Automated control of Chrome using Node.js based on the chrome devtools protocol

Automated control of Chrome or Chromium using Node.js, a highly emulated user behavior simulator based on the chrome devtools protocol.

Borrowed from puppeteer, the rewrite was chosen because puppeteer has various strange bugs in practice, causing threads to constantly block and be difficult to fix, and some implementation details are not as expected.

The chrome devtools protocol api is too primitive and not developer-friendly. puppeteer api is feature-rich, but still too cumbersome and has some bugs that are hard to avoid.

auto-chrome is designed with simplicity and ease of use in mind, focusing on simplifying common application scenarios and meeting customization needs through extensions.


  • Auto-chrome supports auto-focus, which automatically switches tabs based on the currently active tabs, and gets the currently active tabs via This avoids the pain of switching between multiple tabs in practice and reduces the confusion caused by manual tab switching.

  • Support active navigation monitoring, avoiding the user's negligent failure to clearly define the navigation behavior, resulting in confusing operations.

  • Supports automatic release of message queue waiting timeout. Due to various uncontrollable factors, devtools does not guarantee 100% response to all messages sent, and messages will be in a continuous waiting state without a timeout mechanism, making it impossible for tasks to continue to be executed

  • Unbind mouse, keyboard and touch input devices from the page, avoiding frequent switching between multiple pages

  • Support high simulation input, simulating mouse trajectory and Touch gestures

  • Simplified error handling mechanism, even if the task is abnormal, it can still continue to run, so as far as possible to ensure that threads do not persistently block

  • Support GPS location


npm install auto-chrome

chromium installation

Due to the network environment, auto-chrome does not install chromium directly as an npm dependency like puppeteer does. So you need to download chromium manually and specify the installation path in the launch.executablePath configuration item.

Recommended source:

chrome devtools terminology

  • Target represents a target object in the browser, which can be one of the browser, page, iframe, or other types. When type is page, targetId corresponds to the frame id of the main frame.

  • Session session mechanism is used to create multiple sessions, you can bind a separate session for each Target, or you can let multiple Targets share the same session.

  • Page browser tab, Chrome allows multiple Pages to be opened, but only one Page is always active.

  • Runtime JavaScript runtime, used to inject JS code into a web page to manipulate the DOM.

  • Frame The frame in a web page, the main Frame is allowed to contain multiple child frames.
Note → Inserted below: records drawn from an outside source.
(* Let $p$ be a prime with $p\equiv 5\pmod 6$, and regard $r$ as an indeterminate. Let $c_1(r)$ and $c_2(r)$ be the coefficients of $x^{p-2}y^{p-1}z^{2p-1}$ and $x^{2p-1}y^{p-1}z^{p-2}$ in $(x^3z+y^4+ry^2z^2+z^4)^{p-1}$, viewed as polynomials in $r$ over $\mathbb F_p$, and let $d_1(r)$ (resp. $d_2(r)$) be the coefficient of $y^{p-1}$ in $(y^4+ry^2+1)^{(2p-1)/3}$ (resp. $(y^4+ry^2+1)^{(p-2)/3}$), so that $d_1(r)=\binom{p-1}{(p-2)/3}c_1(r)$ and $d_2(r)=\binom{p-1}{(p-2)/3}c_2(r)$. Then: \begin{enumerate} \item If $p\equiv 5\pmod{12}$, $d_2(r)$ is a polynomial in $r^2$ with nonzero constant term. If $p\equiv 11\pmod{12}$, $d_2(r)$ is divisible by $r$ and $d_2(r)/r$ is a polynomial in $r^2$ with nonzero constant term. \item Writing $r=\alpha+\beta$ with $\alpha\beta=1$, one has \[d_1(r)=(\alpha\beta)^{(p+1)/6}\sum_{i+j=(p-1)/2}\binom{(2p-1)/3}{i}\binom{(2p-1)/3}{j}\alpha^i\beta^j,\qquad d_2(r)=\sum_{i+j=(p-5)/6}\binom{(p-2)/3}{i}\binom{(p-2)/3}{j}\alpha^i\beta^j,\] where the two sums (i.e. $(\alpha\beta)^{-(p+1)/6}d_1(r)$ and $d_2(r)$, as polynomials in $\alpha,\beta$) are not divisible by $\alpha\beta$. Hence $\deg_r c_1=\deg_r d_1=(p-1)/2$ and $\deg_r c_2=\deg_r d_2=(p-5)/6$. \item Modulo $p$, the polynomial $c_1(r)$ (resp. $d_1(r)$) is divisible by $c_2(r)$ (resp. $d_2(r)$). \end{enumerate} *)

From mathcomp Require Import all_boot all_order all_algebra.
Set Implicit Arguments. Unset Strict Implicit. Unset Printing Implicit Defensive.
Import GRing.Theory.
Local Open Scope ring_scope.

Definition quartic (p : nat) : {poly {poly {poly {poly 'F_p}}}} :=
  let x : {poly {poly {poly {poly 'F_p}}}} := 'X in
  let y : {poly {poly {poly {poly 'F_p}}}} := ('X)%:P in
  let z : {poly {poly {poly {poly 'F_p}}}} := ('X)%:P%:P in
  let r : {poly {poly {poly {poly 'F_p}}}} := ('X)%:P%:P%:P in
  x ^+ 3 * z + y ^+ 4 + r * y ^+ 2 * z ^+ 2 + z ^+ 4.

Definition coef_xyz (p a b c : nat) (P : {poly {poly {poly {poly 'F_p}}}})
  : {poly 'F_p} := ((P`_a)`_b)`_c.

Definition c1 (p : nat) : {poly 'F_p} :=
  coef_xyz (p - 2) (p - 1) (2 * p - 1) (quartic p ^+ (p - 1)).
Definition c2 (p : nat) : {poly 'F_p} :=
  coef_xyz (2 * p - 1) (p - 1) (p - 2) (quartic p ^+ (p - 1)).

Definition yquartic (p : nat) : {poly {poly 'F_p}} :=
  'X ^+ 4 + ('X)%:P * 'X ^+ 2 + 1.

Definition d1 (p : nat) : {poly 'F_p} :=
  (yquartic p ^+ ((2 * p - 1) %/ 3))`_(p - 1).
Definition d2 (p : nat) : {poly 'F_p} :=
  (yquartic p ^+ ((p - 2) %/ 3))`_(p - 1).

Definition bsum (R : nzRingType) (N m : nat) (a b : R) : R :=
  \sum_(i < m.+1) ('C(N, i) * 'C(N, m - i))%:R * a ^+ i * b ^+ (m - i).

From HB Require Import structures.
From mathcomp Require Import all_boot all_order all_algebra.
From mathcomp Require Import ring zify.

(* Put G = y^2 + r y + 1.  Expanding in x^3 z and using the homogeneity of
   y^4 + r y^2 z^2 + z^4 in (y^2, z^2), each c_i is C(p - 1, k) times the
   corresponding d_i, a coefficient of a power of G, and C(p - 1, k) = (-1)^k
   mod p.  The coefficient of y^h in G^N is a Gegenbauer polynomial in r, killed
   by [gegenbauer_op N h].  Factoring G = (y + a)(y + b) with ab = 1 gives the
   binomial sums of part 2, and the exponents of r occurring in it all have the
   parity of h, which gives part 1.  For part 3, conjugating by
   (r^2 - 4)^((p + 1)/6) turns the operator for N = (p - 2)/3 into the one for
   N = (2p - 1)/3 up to a multiple of p, so (r^2 - 4)^((p + 1)/6) d2 and d1 lie
   in the same kernel among polynomials of degree at most (p - 1)/2.  That
   kernel is a line, since the operator acts on coefficients by a two-step
   recurrence whose weights are units mod p; hence d2 divides d1. *)

Set Implicit Arguments.
Unset Strict Implicit.
Unset Printing Implicit Defensive.

Import GRing.Theory.
Local Open Scope ring_scope.

Lemma size_poly_top (R : nzSemiRingType) (q : {poly R}) n :
  (size q <= n.+1)%N -> q`_n != 0 -> size q = n.+1.
Proof.
move=> le_q qn_neq0; apply/eqP; rewrite eqn_leq le_q /= ltnNge.
by apply: contra qn_neq0 => /leq_sizeP/(_ n (leqnn n)) ->.
Qed.

Section TrinomialPowers.
Variable R : comNzRingType.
  • Context The context in which the JavaScript runs. Since a page may contain Frames, each Frame has a separate runtime, so a unique contextId needs to be generated to distinguish between them.


The 301 redirects to a new url and triggers multiple context switches in a row, resulting in a context mismatch. 301 is hard to detect and difficult to predict, so extra care should be taken when debugging.

Page navigation

Browser navigation events can be divided into two kinds of predictable and unpredictable, because the navigation is triggered in many ways, through the mouse, keyboard, JS script method may trigger unknown navigation events. If the navigation switch is not timed correctly, it can create a bug of misplaced contextual messages.

Predictable navigation

For explicit operations like chrome.newPage() and page.goto(), which explicitly include navigation behavior, autoChrome wraps them internally and requires no additional processing when using them.

Unpredictable navigation

  • Navigation may refresh the current tab or create a new tab

  • Unpredictable navigation behavior of jump links triggered by JS

  • One or more 301 redirects after clicking a link

  • Uncertainty of redirects due to browser 301 caching

In the above case, it is impossible to accurately predict whether an action will trigger a navigation event. autoChrome implements automatic navigation by means of round-robin detection, which has the disadvantage of not being very time-efficient and has limited application scenarios.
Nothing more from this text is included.